A question about offloading graph to VTA

Hi, I’m following the tutorial Deploy Pretrained Vision Detection Model from Darknet on VTA(https://tvm.apache.org/docs/topic/vta/tutorials/frontend/deploy_detection.html#deploy-pretrained-vision-detection-model-from-darknet-on-vta). I try to print the IR after quantization and I get the following result:(I only list part of the output here)
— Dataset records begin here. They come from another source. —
(* Let $\mathcal{H}$ be a complex Hilbert space and let $A\in\mathcal{B}(\mathcal{H})$ be a positive operator with $\dim R(A)\ge 2$. Let $T\in\mathcal{B}_A(\mathcal{H})$ and let $q\in\mathbb{C}$ with $0<|q|\le 1$. Then \[ \frac{|q|^2}{4}\,\big\|T^{\sharp_A}T+TT^{\sharp_A}\big\|_A\;\le\; w_{q,A}^2(T)\;\le\;\frac{2-|q|^2+4|q|\sqrt{1-|q|^2}}{2}\,\big\|TT^{\sharp_A}+T^{\sharp_A}T\big\|_A . \]
   Context: $A$ induces the semi-inner product $\langle x,y\rangle_A=\langle Ax,y\rangle$ and seminorm $\|x\|_A=\sqrt{\langle x,x\rangle_A}$. For an operator $S$, $\|S\|_A=\sup\{\|Sx\|_A/\|x\|_A : x\in\overline{R(A)},\,x\neq 0\}$. An operator $W$ is an $A$-adjoint of $T$ if $\langle Tx,y\rangle_A=\langle x,Wy\rangle_A$ for all $x,y$; $\mathcal{B}_A(\mathcal{H})$ is the set of operators admitting an $A$-adjoint, and for $T\in\mathcal{B}_A(\mathcal{H})$, $T^{\sharp_A}$ denotes the unique solution $X$ of $AX=T^*A$ with $R(X)\subseteq \overline{R(A)}$ (the reduced solution). For $q$ with $|q|\le1$, the $A$-$q$-numerical radius is $w_{q,A}(T)=\sup\{|\langle Tx,y\rangle_A| : \|x\|_A=\|y\|_A=1,\ \langle x,y\rangle_A=q\}$. *)

From mathcomp Require Import all_boot all_algebra all_classical all_reals.
From mathcomp Require Import complex ereal.
Set Implicit Arguments. Unset Strict Implicit. Unset Printing Implicit Defensive.
Import GRing.Theory Num.Theory.
Local Open Scope ring_scope.
Local Open Scope classical_set_scope.

Section HilbertDefs.
Variable R : realType.
Local Notation C := R[i].
Variable V : lmodType C.
Variable ip : V -> V -> C.   (* inner product, linear in the first argument *)

Definition hnorm (x : V) : R := Num.sqrt (complex.Re (ip x x)).

Record is_inner_product : Prop := {
  ip_linl : forall (a : C) (x y z : V), ip (a *: x + y) z = a * ip x z + ip y z;
  ip_conj : forall x y : V, ip y x = conjc (ip x y);
  ip_pos  : forall x : V, 0 <= ip x x;
  ip_def  : forall x : V, ip x x = 0 -> x = 0 }.

Definition ip_complete : Prop :=
  forall u : nat -> V,
    (forall e : R, 0 < e -> exists N : nat, forall m n : nat,
        (N <= m)%N -> (N <= n)%N -> hnorm (u m - u n) < e) ->
    exists l : V, forall e : R, 0 < e -> exists N : nat, forall n : nat,
        (N <= n)%N -> hnorm (u n - l) < e.

Definition is_hilbert : Prop := is_inner_product /\ ip_complete.

Definition bounded_op (T : V -> V) : Prop :=
  (forall (a : C) (x y : V), T (a *: x + y) = a *: T x + T y) /\
  exists M : R, forall x : V, hnorm (T x) <= M * hnorm x.

Definition is_adjoint (T Ts : V -> V) : Prop :=
  bounded_op Ts /\ forall x y : V, ip (T x) y = ip x (Ts y).

Definition positive_op (A : V -> V) : Prop :=
  bounded_op A /\ forall x : V, 0 <= ip (A x) x.

Definition range_op (A : V -> V) : set V := [set y | exists x, y = A x].
Definition in_closure_range (A : V -> V) (y : V) : Prop :=
  forall e : R, 0 < e -> exists x : V, hnorm (y - A x) < e.

Definition dim_range_ge2 (A : V -> V) : Prop :=
  exists x1 x2 : V, range_op A x1 /\ range_op A x2 /\
    forall a b : C, a *: x1 + b *: x2 = 0 -> a = 0 /\ b = 0.
(* Let $f : X \to \mathbb{R}$. The following conditions are equivalent: (C1) $f$ is a limsup function; (C2) there is a sequence $g_0, g_1, \dots$ of lower semicontinuous functions $X \to \mathbb{R}$ converging pointwise to $f$; (C3) there is a non-increasing sequence $g_0 \ge g_1 \ge \cdots$ of lower semicontinuous functions $X \to \mathbb{R}$ converging pointwise to $f$; (C4) the subgraph $\mathrm{subgr}(f) = \{(x,r) \in X \times \mathbb{R} : f(x) \ge r\}$ is a $\mathbf{\Pi}^0_2$ (i.e. $G_\delta$) subset of $X \times \mathbb{R}$; (C5) for each $r \in \mathbb{R}$, the set $\{f \ge r\} = \{x \in X : f(x) \ge r\}$ is a $\mathbf{\Pi}^0_2$ subset of $X$.
   Context: Let $A$ be a non-empty countable set and $T$ a pruned tree on $A$ (a set of finite sequences of elements of $A$, closed under initial segments, in which every sequence has a proper extension in $T$). Let $X$ be the set of infinite branches of $T$, i.e. the sequences $x = (x_0, x_1, \dots) \in A^{\mathbb{N}}$ with $(x_0,\dots,x_t) \in T$ for all $t \in \mathbb{N}$. For $s \in T$, $O(s)$ denotes the set of $x \in X$ having $s$ as an initial segment; $X$ carries the topology generated by the base $\{O(s) : s \in T\}$. A function $f : X \to \mathbb{R}$ is a limsup function if there exists $u : T \to \mathbb{R}$ with $f(x) = \limsup_{t\to\infty} u(x_0,\dots,x_t)$ for every $x \in X$. *)

From HB Require Import structures.
From mathcomp Require Import all_boot all_order all_algebra.
From mathcomp Require Import all_classical all_reals all_analysis.
Set Implicit Arguments. Unset Strict Implicit. Unset Printing Implicit Defensive.
Import Order.TTheory GRing.Theory Num.Theory.
Import numFieldNormedType.Exports.
Local Open Scope classical_set_scope.
Local Open Scope ring_scope.
(* Let $\lambda=(\lambda_1,\ldots,\lambda_\ell)$ be a partition with $\ell$ positive parts, and let $n\geq\ell$. If there exists $p\in\{1,\ldots,\ell-2\}$ such that $\lambda_p-2\geq\lambda_{p+1}\geq\lambda_{p+2}$, then the poset $\mathcal B_\lambda^n$ is not a lattice.
   Context: For $N\geq 1$ and a partition $\nu$ with at most $N$ positive parts, $\mathcal B_\nu^N$ is the set of semistandard Young tableaux of shape $\nu$ (rows weakly increasing, columns strictly increasing) with entries in $\{1,\ldots,N+1\}$, partially ordered by the reflexive transitive closure of $T<F_i(T)$ for $i\in\{1,\ldots,N\}$ with $F_i(T)\neq 0$. Here $F_i$ is the type A crystal lowering operator: in the reading word of $T$ (rows read from bottom to top, each row left to right) keep only letters $i$ and $i+1$, replace each $i$ by '')'' and each $i+1$ by ''('', and match parentheses in the usual way; if there is no unmatched '')'', $F_i(T)=0$; otherwise $F_i(T)$ is obtained by changing the entry $i$ corresponding to the rightmost unmatched '')'' into $i+1$. *)

From mathcomp Require Import all_boot.
From Stdlib Require Import Relations.
Set Implicit Arguments.
Unset Strict Implicit.
Unset Printing Implicit Defensive.

Definition is_partition (la : seq nat) : Prop :=
  sorted geq la /\ all (fun x => 0 < x) la.

(* A tableau is a list of rows (top row first); row r, column j entry is
   nth 0 (nth [::] T r) j. *)
Definition tableau := seq (seq nat).

Definition is_ssyt (N : nat) (nu : seq nat) (T : tableau) : Prop :=
  [/\ map size T = nu,
      all (all (fun x => 1 <= x <= N.+1)) T,
      all (sorted leq) T &
      forall r j, r.+1 < size T -> j < size (nth [::] T r.+1) ->
        nth 0 (nth [::] T r) j < nth 0 (nth [::] T r.+1) j].

Definition B (N : nat) (nu : seq nat) : tableau -> Prop := is_ssyt N nu.

Definition reading_word (T : tableau) : seq nat := flatten (rev T).

(* Position (0-based, in the word) of the rightmost unmatched ")" where
   letter i is ")" and letter i+1 is "(".  [c] counts currently unmatched
   "(" seen so far; a ")" is matched with the nearest preceding unmatched "(". *)
Fixpoint rum (i : nat) (w : seq nat) (pos c : nat) (acc : option nat)
  : option nat :=
  match w with
  | [::] => acc
  | x :: w' =>
      if x == i then
        (if c == 0 then rum i w' pos.+1 0 (Some pos)
         else rum i w' pos.+1 c.-1 acc)
      else if x == i.+1 then rum i w' pos.+1 c.+1 acc
      else rum i w' pos.+1 c acc
  end.

(* Crystal lowering operator F_i; None stands for F_i(T) = 0. *)
Definition F (i : nat) (T : tableau) : option tableau :=
  let w := reading_word T in
  match rum i w 0 0 None with
  | None => None
  | Some k => Some (rev (reshape (rev (map size T)) (set_nth 0 w k i.+1)))
  end.

Definition step (N : nat) (nu : seq nat) (T T' : tableau) : Prop :=
  B N nu T /\ B N nu T' /\ exists i, 1 <= i <= N /\ F i T = Some T'.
cast(%9, dtype=“int8”) /* ty=Tensor[(1, 1, 208, 208, 1, 16), int8] /; %12 = transpose(%10, axes=[0, 2, 4, 5, 1, 3]) / ty=Tensor[(2, 1, 3, 3, 16, 16), int8] /; %13 = reshape(meta[relay.Constant][3] / ty=Tensor[(32, 1, 1), int32] /, newshape=[2, 16, 1, 1, 1]) / ty=Tensor[(2, 16, 1, 1, 1), int32] /; %14 = transpose(%13, axes=[0, 2, 3, 4, 1]) / ty=Tensor[(2, 1, 1, 1, 16), int32] /; %15 = nn.conv2d(%11, %12, padding=[1, 1, 1, 1], channels=32, kernel_size=[3, 3], data_layout=“NCHW1n16c”, kernel_layout=“OIHW16o16i”, out_dtype=“int32”) / ty=Tensor[(1, 2, 208, 208, 1, 16), int32] /; %16 = broadcast_to(%14, shape=[2, 1, 1, 1, 16]) / ty=Tensor[(2, 1, 1, 1, 16), int32] /; %17 = add(%15, %16) / ty=Tensor[(1, 2, 208, 208, 1, 16), int32] /; %18 = add(%17, 64 / ty=int32 /) / ty=Tensor[(1, 2, 208, 208, 1, 16), int32] /; %19 = right_shift(%18, 7 / ty=int32 /) / ty=Tensor[(1, 2, 208, 208, 1, 16), int32] /; %20 = clip(%19, a_min=-127f, a_max=127f) / ty=Tensor[(1, 2, 208, 208, 1, 16), int32] /; %21 = cast(%20, dtype=“int8”) / ty=Tensor[(1, 2, 208, 208, 1, 16), int8] /; %22 = annotation.stop_fusion(%21) / ty=Tensor[(1, 2, 208, 208, 1, 16), int8] /; %23 = cast(%22, dtype=“float32”) / ty=Tensor[(1, 2, 208, 208, 1, 16), float32] /; %24 = multiply(%23, 0.179688f / ty=float32 /) / ty=Tensor[(1, 2, 208, 208, 1, 16), float32] /; %25 = nn.leaky_relu(%24, alpha=0.1f) / ty=Tensor[(1, 2, 208, 208, 1, 16), float32] /; %26 = nn.max_pool2d(%25, pool_size=[2, 2], strides=[2, 2], padding=[0, 0, 0, 0]) / ty=Tensor[(1, 2, 104, 104, 1, 16), float32] /; %27 = multiply(%26, 5.56522f / ty=float32 /) / ty=Tensor[(1, 2, 104, 104, 1, 16), float32] /; %28 = round(%27) / ty=Tensor[(1, 2, 104, 104, 1, 16), float32] /; %29 = clip(%28, a_min=-127f, a_max=127f) / ty=Tensor[(1, 2, 104, 104, 1, 16), float32] /; %30 = reshape(meta[relay.Constant][4] / ty=Tensor[(64, 32, 3, 3), int8] /, newshape=[4, 16, 2, 16, 3, 3]) / ty=Tensor[(4, 16, 2, 16, 3, 3), int8] */;

I do not change the start_pack and stop_pack and I think TVM should pack all the subgraph from start_pack to stop_pack and send it to VTA. However, as is shown above, from %23 to %29, the calculation uses float32 type while VTA can only execute int8/int32 one. Does it mean that the calculation from %23 to #29 is executed on CPU instead of VTA?